# [Instructions for the task]
All lines from the one containing "k' * alpha d k'" down to the one containing "α_j = 1/(d_j", both ends included, are to be given again exactly; omit the rest of the listing below.
^^^^^^^^^^^^^^^^
(* Let $(a_0,\ldots,a_n)$ be a finite sequence of positive integers. For every $\varepsilon>0$ there is $m_0>0$ such that for every integer $m\ge m_0$ and every positive integer $N$, $$|\Phi^-(\beta^N)-\Phi^-(\beta^{N+1})|<\frac{\varepsilon}{2}.$$
   Context: For positive integers $d_0,d_1,\ldots$, $[d_0,d_1,d_2,\ldots]$ denotes the continued fraction $\cfrac{1}{d_0+\cfrac{1}{d_1+\cfrac{1}{d_2+\cdots}}}$, and for $\beta=[d_0,d_1,\ldots]$ we write $\alpha_j(\beta)=[d_j,d_{j+1},\ldots]$. $\Phi(\beta)=\sum_{k\ge 0}\alpha_0(\beta)\cdots\alpha_{k-1}(\beta)\log\frac{1}{\alpha_k(\beta)}$ is the Yoccoz Brjuno function. For integers $m\ge1$, $N\ge1$, $\beta^N$ is the number whose digits (indexed from $0$) are $a_0,\ldots,a_n$ in positions $0,\ldots,n$, $N$ in position $n+m$, and $1$ in all other positions. For such $\beta$ (with $m$ fixed), $\Phi^-(\beta)=\Phi(\beta)-\alpha_0(\beta)\cdots\alpha_{n+m-1}(\beta)\log\frac{1}{\alpha_{n+m}(\beta)}$. *)

From Stdlib Require Import Reals Lra Lia Arith.
From Coquelicot Require Import Coquelicot.
Open Scope R_scope.

(* A continued fraction is represented by its digit sequence d : nat -> nat
   (digits indexed from 0). *)

Fixpoint cf_fin (d : nat -> nat) (j k : nat) : R :=
  match k with
  | O => / INR (d j)
  | S k' => / (INR (d j) + cf_fin d (S j) k')
  end.

Definition alpha (d : nat -> nat) (j : nat) : R :=
  real (Lim_seq (fun k => cf_fin d j k)).

Fixpoint prodAlpha (d : nat -> nat) (k : nat) : R :=
  match k with
  | O => 1
  | S k' => prodAlpha d k' * alpha d k'
  end.

Definition Phi (d : nat -> nat) : R :=
  Series (fun k => prodAlpha d k * ln (/ alpha d k)).

Definition PhiMinus (n m : nat) (d : nat -> nat) : R :=
  Phi d - prodAlpha d (n + m) * ln (/ alpha d (n + m)).

Definition betaN (n : nat) (a : nat -> nat) (m N : nat) : nat -> nat :=
  fun j => if (j <=? n)%nat then a j
           else if (j =? n + m)%nat then N else 1%nat.

(* For digits equal to 1 from position p = n + m on, alpha_k is the golden mean for k > p,
   so Phi^- collapses to the finite Horner expression
   ln(1/α_0) + α_0 (ln(1/α_1) + α_1 (... + α_(p-1) α_p Phi(golden))).
   Replacing N by N + 1 only changes the digit at p.  Going backwards through
   α_j = 1/(d_j + α_(j+1)) the perturbation is multiplied by α_j α'_j, hence
   α_0⋯α_(j-1) |α_j - α'_j| <= α_0⋯α_(p-1), and the two Horner expressions differ by at most
   (p C + Phi(golden)) α_0⋯α_(p-1), with C depending only on max a_i.  Since
   α_j α_(j+1) <= 1/2, this is O(p 2^(-p/2)), which is below ε/2 once m is large. *)

From Stdlib Require Import Reals Lra Lia Arith.
From Coquelicot Require Import Coquelicot.
Open Scope R_scope.

Definition golden : R := (sqrt 5 - 1) / 2.

Lemma golden_bounds : 1 / 2 < golden < 1.
Proof.
  unfold golden. pose proof (sqrt_sqrt 5). pose proof (sqrt_pos 5).
  split; nra.
Qed.

Lemma golden_mul_succ : golden * (1 + golden) = 1.
Proof. unfold golden. pose proof (sqrt_sqrt 5). lra. Qed.

Lemma golden_fixpoint : golden = / (1 + golden).
Proof.
  pose proof golden_bounds. pose proof golden_mul_succ.
  field_simplify_eq; lra.
Qed.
^^^^^^^^^^^^^^^^
# [Response to this exercise]
  | S k' => prodAlpha d k' * alpha d k'
  end.

Definition Phi (d : nat -> nat) : R :=
  Series (fun k => prodAlpha d k * ln (/ alpha d k)).

Definition PhiMinus (n m : nat) (d : nat -> nat) : R :=
  Phi d - prodAlpha d (n + m) * ln (/ alpha d (n + m)).

Definition betaN (n : nat) (a : nat -> nat) (m N : nat) : nat -> nat :=
  fun j => if (j <=? n)%nat then a j
           else if (j =? n + m)%nat then N else 1%nat.

(* For digits equal to 1 from position p = n + m on, alpha_k is the golden mean for k > p,
   so Phi^- collapses to the finite Horner expression
   ln(1/α_0) + α_0 (ln(1/α_1) + α_1 (... + α_(p-1) α_p Phi(golden))).
   Replacing N by N + 1 only changes the digit at p.  Going backwards through
   α_j = 1/(d_j + α_(j+1)) the perturbation is multiplied by α_j α'_j, hence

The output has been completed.